*Exercise instructions:* Below this line is a set of entries; quote exactly the lines from the line that contains "by (apply Rmult_le_pos;" to the line that contains "rewrite !Rmult_0_l in Hg0.", both lines included.
|---|
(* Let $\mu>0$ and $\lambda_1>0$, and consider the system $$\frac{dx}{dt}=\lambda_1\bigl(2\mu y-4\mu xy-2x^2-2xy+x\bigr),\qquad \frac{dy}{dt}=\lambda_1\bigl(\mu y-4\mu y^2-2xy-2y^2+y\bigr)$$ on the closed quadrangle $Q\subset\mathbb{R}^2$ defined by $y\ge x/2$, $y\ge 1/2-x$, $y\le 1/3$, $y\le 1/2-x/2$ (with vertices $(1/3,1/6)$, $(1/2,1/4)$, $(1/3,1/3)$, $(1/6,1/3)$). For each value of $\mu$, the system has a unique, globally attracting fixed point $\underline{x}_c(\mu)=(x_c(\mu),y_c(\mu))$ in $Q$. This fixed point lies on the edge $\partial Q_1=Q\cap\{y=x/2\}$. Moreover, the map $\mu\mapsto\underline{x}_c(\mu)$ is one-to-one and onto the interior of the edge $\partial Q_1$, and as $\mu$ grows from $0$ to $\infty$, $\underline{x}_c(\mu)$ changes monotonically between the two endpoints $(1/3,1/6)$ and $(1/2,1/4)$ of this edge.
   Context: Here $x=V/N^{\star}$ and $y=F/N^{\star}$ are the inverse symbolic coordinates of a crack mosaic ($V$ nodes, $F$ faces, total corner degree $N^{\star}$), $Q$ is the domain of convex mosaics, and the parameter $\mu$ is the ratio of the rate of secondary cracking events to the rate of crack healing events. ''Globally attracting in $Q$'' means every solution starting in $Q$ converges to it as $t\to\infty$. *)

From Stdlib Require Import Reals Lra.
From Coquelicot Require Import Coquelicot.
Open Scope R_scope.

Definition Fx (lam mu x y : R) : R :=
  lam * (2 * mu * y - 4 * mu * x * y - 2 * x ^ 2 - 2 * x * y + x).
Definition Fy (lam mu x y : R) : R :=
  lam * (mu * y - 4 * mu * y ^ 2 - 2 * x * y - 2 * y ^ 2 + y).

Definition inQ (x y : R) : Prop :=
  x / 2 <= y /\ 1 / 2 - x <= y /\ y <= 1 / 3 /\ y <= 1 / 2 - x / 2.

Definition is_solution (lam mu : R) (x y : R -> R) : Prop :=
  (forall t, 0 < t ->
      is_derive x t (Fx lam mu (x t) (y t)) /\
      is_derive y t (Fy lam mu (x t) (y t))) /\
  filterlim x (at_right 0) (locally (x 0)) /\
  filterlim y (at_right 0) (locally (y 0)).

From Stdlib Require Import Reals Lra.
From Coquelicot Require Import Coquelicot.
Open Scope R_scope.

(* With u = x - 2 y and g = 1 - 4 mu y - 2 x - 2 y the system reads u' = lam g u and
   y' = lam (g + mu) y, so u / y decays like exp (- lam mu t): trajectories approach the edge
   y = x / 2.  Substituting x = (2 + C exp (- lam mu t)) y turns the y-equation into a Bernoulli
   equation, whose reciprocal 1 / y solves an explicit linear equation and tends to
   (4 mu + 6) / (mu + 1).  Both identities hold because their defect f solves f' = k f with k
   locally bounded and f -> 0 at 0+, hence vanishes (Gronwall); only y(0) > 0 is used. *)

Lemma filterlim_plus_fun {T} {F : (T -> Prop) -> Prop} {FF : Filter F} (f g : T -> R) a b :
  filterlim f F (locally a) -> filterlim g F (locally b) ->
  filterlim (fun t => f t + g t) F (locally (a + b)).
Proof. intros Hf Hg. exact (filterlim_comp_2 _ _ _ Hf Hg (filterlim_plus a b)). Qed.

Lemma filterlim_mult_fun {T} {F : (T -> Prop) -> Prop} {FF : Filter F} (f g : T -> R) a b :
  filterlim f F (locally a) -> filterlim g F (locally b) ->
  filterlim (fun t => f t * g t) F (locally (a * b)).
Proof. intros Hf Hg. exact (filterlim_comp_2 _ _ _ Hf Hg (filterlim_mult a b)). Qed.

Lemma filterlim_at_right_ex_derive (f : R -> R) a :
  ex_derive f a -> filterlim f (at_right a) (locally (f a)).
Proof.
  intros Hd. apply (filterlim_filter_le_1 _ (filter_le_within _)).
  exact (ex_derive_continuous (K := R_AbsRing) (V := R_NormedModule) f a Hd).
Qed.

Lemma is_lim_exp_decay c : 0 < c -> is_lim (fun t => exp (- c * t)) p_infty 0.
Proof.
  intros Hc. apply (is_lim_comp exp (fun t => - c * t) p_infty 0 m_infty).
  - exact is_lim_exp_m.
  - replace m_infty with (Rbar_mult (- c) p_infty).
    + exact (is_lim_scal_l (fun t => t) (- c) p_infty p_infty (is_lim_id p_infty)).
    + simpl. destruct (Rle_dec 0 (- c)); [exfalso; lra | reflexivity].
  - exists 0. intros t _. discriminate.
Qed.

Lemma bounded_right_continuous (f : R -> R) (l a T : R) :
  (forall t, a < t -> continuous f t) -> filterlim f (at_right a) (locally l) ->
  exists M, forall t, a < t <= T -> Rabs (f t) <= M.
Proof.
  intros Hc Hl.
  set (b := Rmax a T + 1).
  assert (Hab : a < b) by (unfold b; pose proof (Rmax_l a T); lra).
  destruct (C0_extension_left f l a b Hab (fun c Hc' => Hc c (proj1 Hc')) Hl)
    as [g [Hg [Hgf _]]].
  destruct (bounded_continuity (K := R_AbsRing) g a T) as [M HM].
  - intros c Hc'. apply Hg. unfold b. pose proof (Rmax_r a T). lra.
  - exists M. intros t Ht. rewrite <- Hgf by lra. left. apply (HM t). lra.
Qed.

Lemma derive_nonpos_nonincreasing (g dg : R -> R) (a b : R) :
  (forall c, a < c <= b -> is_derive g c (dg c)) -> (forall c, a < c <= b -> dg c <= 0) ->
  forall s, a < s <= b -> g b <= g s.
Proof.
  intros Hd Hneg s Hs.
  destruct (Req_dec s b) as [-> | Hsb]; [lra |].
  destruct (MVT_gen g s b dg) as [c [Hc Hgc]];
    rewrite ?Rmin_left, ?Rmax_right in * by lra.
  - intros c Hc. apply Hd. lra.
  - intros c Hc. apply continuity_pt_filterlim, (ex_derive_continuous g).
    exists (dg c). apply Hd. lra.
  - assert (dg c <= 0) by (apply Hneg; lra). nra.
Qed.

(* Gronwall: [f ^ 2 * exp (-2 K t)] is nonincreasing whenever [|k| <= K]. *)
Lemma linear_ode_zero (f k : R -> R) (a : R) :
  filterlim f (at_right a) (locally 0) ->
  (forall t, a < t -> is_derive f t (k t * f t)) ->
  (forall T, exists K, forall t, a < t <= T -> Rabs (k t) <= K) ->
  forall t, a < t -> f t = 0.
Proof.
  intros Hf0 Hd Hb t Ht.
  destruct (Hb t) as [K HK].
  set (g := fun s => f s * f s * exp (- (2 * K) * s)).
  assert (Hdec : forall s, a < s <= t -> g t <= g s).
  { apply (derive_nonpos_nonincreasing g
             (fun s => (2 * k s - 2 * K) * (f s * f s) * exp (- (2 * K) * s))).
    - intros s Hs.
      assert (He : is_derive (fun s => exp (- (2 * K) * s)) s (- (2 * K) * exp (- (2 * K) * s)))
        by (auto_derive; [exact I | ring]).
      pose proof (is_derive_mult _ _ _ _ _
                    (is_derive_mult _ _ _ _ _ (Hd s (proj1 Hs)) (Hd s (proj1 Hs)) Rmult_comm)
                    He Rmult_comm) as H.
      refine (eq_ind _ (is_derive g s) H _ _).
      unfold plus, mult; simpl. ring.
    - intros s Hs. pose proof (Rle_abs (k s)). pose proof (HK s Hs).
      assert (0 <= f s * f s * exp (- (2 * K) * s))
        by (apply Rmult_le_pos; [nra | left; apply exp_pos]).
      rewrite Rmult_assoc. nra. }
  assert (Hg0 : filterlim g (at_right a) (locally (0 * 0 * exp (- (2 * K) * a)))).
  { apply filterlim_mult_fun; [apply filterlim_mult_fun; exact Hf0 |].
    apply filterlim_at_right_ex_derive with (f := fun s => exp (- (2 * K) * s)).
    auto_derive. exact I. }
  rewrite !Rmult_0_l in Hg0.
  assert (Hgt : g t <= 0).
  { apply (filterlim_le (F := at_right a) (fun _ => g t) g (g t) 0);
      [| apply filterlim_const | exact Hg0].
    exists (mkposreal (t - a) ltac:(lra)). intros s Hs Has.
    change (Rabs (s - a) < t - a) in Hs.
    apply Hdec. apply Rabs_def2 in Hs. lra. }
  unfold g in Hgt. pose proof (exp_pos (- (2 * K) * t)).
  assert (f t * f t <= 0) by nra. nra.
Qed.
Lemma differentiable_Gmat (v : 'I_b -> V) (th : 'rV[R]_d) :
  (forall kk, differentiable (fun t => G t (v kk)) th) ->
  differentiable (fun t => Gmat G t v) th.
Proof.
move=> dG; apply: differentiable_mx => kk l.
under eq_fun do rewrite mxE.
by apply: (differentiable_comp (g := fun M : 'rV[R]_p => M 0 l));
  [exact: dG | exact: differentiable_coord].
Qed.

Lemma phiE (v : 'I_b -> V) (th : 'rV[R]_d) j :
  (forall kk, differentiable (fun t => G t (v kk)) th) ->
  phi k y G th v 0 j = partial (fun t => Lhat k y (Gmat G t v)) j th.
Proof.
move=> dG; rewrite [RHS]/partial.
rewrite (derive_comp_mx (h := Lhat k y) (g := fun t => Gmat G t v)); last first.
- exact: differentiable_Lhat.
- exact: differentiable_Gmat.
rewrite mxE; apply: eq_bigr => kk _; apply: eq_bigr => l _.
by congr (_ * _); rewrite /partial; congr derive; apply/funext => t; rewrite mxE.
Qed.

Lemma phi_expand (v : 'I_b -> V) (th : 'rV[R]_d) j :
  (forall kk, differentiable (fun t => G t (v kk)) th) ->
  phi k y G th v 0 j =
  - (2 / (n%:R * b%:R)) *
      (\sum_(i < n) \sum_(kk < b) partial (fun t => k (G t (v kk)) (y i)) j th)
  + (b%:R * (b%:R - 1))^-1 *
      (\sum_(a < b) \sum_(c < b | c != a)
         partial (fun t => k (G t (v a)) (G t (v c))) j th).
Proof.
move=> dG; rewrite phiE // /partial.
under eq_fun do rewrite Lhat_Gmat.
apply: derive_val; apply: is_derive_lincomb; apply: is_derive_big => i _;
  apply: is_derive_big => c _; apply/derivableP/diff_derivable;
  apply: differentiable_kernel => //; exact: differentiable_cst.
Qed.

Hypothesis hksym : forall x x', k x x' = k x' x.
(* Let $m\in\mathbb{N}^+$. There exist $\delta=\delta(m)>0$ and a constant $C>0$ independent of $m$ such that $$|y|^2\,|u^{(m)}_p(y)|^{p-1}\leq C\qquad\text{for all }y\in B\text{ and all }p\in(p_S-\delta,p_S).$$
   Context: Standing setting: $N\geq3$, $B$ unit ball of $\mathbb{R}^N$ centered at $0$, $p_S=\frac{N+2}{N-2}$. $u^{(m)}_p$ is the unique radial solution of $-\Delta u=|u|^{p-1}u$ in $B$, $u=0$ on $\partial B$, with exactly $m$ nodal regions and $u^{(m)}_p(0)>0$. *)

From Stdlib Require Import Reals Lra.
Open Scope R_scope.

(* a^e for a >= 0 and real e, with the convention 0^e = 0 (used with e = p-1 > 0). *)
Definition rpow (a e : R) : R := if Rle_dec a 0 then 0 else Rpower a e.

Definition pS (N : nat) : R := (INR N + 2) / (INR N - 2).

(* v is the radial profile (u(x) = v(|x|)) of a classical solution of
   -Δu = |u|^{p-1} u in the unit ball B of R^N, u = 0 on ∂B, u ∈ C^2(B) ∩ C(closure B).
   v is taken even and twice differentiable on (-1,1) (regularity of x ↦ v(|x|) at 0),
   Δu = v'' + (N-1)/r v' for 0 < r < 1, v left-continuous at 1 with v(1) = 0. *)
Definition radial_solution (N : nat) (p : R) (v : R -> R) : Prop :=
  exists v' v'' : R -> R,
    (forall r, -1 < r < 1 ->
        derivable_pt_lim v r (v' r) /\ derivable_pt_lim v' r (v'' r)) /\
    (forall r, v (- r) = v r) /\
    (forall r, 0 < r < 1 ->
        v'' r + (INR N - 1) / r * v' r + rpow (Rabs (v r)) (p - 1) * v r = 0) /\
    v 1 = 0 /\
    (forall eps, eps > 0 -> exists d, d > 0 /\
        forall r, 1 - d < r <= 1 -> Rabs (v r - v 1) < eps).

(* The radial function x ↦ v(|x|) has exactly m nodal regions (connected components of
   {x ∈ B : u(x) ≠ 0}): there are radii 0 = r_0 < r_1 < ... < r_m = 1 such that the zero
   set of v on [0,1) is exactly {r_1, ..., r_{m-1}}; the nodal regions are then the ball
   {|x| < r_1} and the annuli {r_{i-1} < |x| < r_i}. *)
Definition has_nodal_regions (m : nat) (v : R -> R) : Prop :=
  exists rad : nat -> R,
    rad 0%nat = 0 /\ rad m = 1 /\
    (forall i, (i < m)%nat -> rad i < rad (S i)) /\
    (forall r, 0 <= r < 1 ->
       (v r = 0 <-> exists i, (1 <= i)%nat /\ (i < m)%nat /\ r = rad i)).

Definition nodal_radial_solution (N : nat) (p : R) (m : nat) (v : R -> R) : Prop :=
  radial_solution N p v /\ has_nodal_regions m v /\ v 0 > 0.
|---|
*Solution to the exercise:*
        by (apply Rmult_le_pos; [nra | left; apply exp_pos]).
      rewrite Rmult_assoc. nra. }
  assert (Hg0 : filterlim g (at_right a) (locally (0 * 0 * exp (- (2 * K) * a)))).
  { apply filterlim_mult_fun; [apply filterlim_mult_fun; exact Hf0 |].
    apply filterlim_at_right_ex_derive with (f := fun s => exp (- (2 * K) * s)).
    auto_derive. exact I. }
  rewrite !Rmult_0_l in Hg0.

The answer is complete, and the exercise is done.